Stored data:
————————
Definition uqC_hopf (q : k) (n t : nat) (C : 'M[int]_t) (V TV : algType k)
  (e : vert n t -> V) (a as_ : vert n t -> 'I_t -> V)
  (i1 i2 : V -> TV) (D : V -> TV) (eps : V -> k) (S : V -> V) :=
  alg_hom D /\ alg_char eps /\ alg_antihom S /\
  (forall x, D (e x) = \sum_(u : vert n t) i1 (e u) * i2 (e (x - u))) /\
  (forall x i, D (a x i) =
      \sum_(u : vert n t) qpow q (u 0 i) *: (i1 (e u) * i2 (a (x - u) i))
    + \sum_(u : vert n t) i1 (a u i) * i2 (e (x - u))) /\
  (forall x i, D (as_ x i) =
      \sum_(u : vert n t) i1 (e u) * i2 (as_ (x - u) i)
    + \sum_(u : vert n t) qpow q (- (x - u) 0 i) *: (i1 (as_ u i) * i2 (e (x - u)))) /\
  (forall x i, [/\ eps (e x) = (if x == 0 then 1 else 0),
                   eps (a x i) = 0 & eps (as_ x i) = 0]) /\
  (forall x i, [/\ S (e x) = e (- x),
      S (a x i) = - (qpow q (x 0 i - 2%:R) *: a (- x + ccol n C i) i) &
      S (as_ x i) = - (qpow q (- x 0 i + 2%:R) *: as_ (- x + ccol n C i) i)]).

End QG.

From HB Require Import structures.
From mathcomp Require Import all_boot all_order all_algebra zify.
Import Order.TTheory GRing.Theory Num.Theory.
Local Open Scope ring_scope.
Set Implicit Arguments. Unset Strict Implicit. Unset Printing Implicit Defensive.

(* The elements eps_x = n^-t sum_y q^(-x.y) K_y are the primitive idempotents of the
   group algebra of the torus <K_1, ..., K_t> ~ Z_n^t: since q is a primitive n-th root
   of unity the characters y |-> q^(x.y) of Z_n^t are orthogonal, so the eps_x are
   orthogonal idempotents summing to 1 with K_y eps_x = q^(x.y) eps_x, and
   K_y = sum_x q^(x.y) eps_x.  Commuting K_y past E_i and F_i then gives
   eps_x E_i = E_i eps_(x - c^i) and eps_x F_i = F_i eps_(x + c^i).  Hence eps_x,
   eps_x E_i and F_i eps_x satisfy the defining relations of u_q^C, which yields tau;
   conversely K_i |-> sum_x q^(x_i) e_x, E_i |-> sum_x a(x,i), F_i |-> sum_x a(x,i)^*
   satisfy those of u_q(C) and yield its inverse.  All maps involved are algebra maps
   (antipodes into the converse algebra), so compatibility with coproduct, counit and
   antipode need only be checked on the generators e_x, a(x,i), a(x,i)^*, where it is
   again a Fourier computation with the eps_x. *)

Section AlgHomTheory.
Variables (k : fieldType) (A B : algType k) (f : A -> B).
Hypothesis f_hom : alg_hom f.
————————
What you have to do: Check every line in the entries for the word "Import". State how many have it, with no other text.

Reply: 3